Pasal 11
BAB 5 — PEMANFAATAN BM DTP
(1) Perusahaan Industri yang akan memperoleh pagu anggaran BM DTP harus memiliki rencana impor barang yang telah ditandasahkan oleh Direktur Jenderal Pembina Industri. (2) Untuk memperoleh penandasahan rencana impor barang sebagaimana dimaksud pada ayat (1), Perusahaan Industri mengajukan permohonan kepada Direktur Jenderal Pembina Industri c.q. Direktur Pembina Industri dengan melampirkan: a. rencana impor barang; b.
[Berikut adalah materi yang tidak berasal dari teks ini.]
(* A subgrid tensor $\tau$ whose deviatoric part has the form $$\tau^d = \alpha_1^0 S + \frac{\alpha_2^0}{|S|}(S^2)^d + \frac{\alpha_3^0}{|S|}(\Omega^2)^d + \frac{\alpha_4^0}{|S|^2}(\Omega S\Omega)^d + \frac{\alpha_5^0}{|S|}[S,\Omega] + \frac{\alpha_6^0}{|S|^2}[S^2,\Omega] + \frac{\alpha_7^0}{|S|^3}[\Omega S\Omega,\Omega],$$ where $|S|=\sqrt{\operatorname{tr}(S^2)}$ and $\alpha_1^0,\dots,\alpha_7^0$ are arbitrary scalar functions of $$v_1=\frac{\operatorname{tr}(S^3)}{|S|^3},\quad v_2=\frac{\operatorname{tr}(S^2\Omega^2)}{|S|^4},\quad v_3=\frac{\operatorname{tr}(\Omega^2)}{|S|^2},\quad v_4=\frac{\operatorname{tr}(S\Omega^2)}{|S|^3},\quad v_5=\frac{\operatorname{tr}(S^2\Omega^2S\Omega)}{|S|^6},$$ is invariant under the symmetry groups $G_t$, $Gal$, $SO(3)$, $G_p$ and $G_s$ of the Navier–Stokes equations.
   Context: Consider the filtered incompressible Navier–Stokes equations on $\mathbb R^3$: $\partial_t u + \nabla\cdot(u\otimes u) + \frac1\rho \nabla p - 2\nu\,\nabla\cdot S + \nabla\cdot\tau = 0$, $\nabla\cdot u=0$, where $u(t,x)\in\mathbb R^3$ is the filtered velocity, $p$ the filtered pressure, $\nu>0$ the kinematic viscosity, $\rho>0$ the density, $S=\frac12(\nabla u+\nabla u^T)$ the (filtered) strain-rate tensor, $\Omega=\frac12(\nabla u-\nabla u^T)$ the (filtered) vorticity tensor, and $\tau$ the subgrid tensor, which is modelled as a tensor-valued function of $(S,\Omega)$. The following groups act on $(t,x,u,p)$: time translations $G_t$: $(t,x,u,p)\mapsto(t+\epsilon,x,u,p)$, $\epsilon\in\mathbb R$; the generalized Galilean group $Gal$: $(t,x,u,p)\mapsto(t,x+\alpha(t),u+\dot\alpha(t),p-\rho\,\ddot\alpha(t)\cdot x)$, $\alpha\in C^2(\mathbb R,\mathbb R^3)$; rotations $SO(3)$: $(t,x,u,p)\mapsto(t,Rx,Ru,p)$, $RR^T=I$, $\det R=1$; pressure translations $G_p$: $(t,x,u,p)\mapsto(t,x,u,p+\xi(t))$, $\xi\in C^0(\mathbb R,\mathbb R)$; scalings $G_s$: $(t,x,u,p)\mapsto(e^{2\epsilon}t,e^{\epsilon}x,e^{-\epsilon}u,e^{-2\epsilon}p)$, $\epsilon\in\mathbb R$. A model $\tau$ is called invariant under such a group $G$ if every element of $G$, acting on $(t,x,u,p)$, is a symmetry of the filtered equations with that model (maps solutions to solutions). For a $3\times 3$ matrix $Q$, $Q^d=Q-\frac13\operatorname{tr}(Q)\,I$ denotes its deviatoric part, and $[P,Q]=PQ-QP$. *)

From HB Require Import structures.
From mathcomp Require Import all_boot all_order all_algebra.
From mathcomp Require Import all_classical all_reals all_analysis.
Set Implicit Arguments. Unset Strict Implicit. Unset Printing Implicit Defensive.
Import Order.TTheory GRing.Theory Num.Theory.
Import numFieldNormedType.Exports.
Local Open Scope ring_scope.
SKVI; c. laporan realisasi pemanfaatan BM DTP 2 (dua) tahun terakhir; d. nomor rekening perusahaan; dan e. surat pernyataan kesediaan untuk melaporkan realisasi impor secara periodik dengan format sebagaimana tercantum dalam Lampiran IV yang merupakan bagian tidak terpisahkan dari Peraturan Menteri ini. (3) Format laporan realisasi pemanfaatan BM DTP sebagaimana dimaksud pada ayat (2) huruf c tercantum dalam Lampiran III yang merupakan bagian tidak terpisahkan dari Peraturan Menteri ini. (4) Penandasahan rencana impor barang sebagaimana dimaksud pada ayat (2) dilakukan dengan cara pembubuhan tanda tangan, nomor, dan cap jabatan oleh Direktur Jenderal Pembina Industri berdasarkan SKVI yang diterbitkan oleh Lembaga Pelaksana Verifikasi. (5) Rencana impor barang sebagaimana dimaksud pada ayat (2) huruf a paling sedikit memuat: a. nomor dan tanggal rencana impor barang; b. nomor daftar isian pelaksanaan anggaran tahun anggaran berjalan;
c. nama perusahaan; d. nomor pokok wajib pajak; e. alamat perusahaan; f. kantor pabean tempat pemasukan barang; g. uraian, jenis, dan spesifikasi teknis barang; h. nomor pos tarif/harmonized system code; i. jumlah/satuan barang; j. perkiraan harga impor; k. negara asal; l. perkiraan BM DTP; m. nama dan tanda tangan dari pimpinan perusahaan yang tercantum dalam API-P yang didaftarkan pada sistem aplikasi registrasi kepabeanan; dan n. total alokasi anggaran yang ditetapkan. (6) Untuk memperoleh SKVI sebagaimana dimaksud pada ayat (2) huruf b, Perusahaan Industri harus mengajukan permohonan Verifikasi Industri kepada Lembaga Pelaksana Verifikasi. (7) Ketentuan sebagaimana dimaksud pada ayat (2) huruf c dikecualikan bagi Perusahaan Industri yang memperoleh fasilitas BM DTP kurang dari 2 (dua) tahun.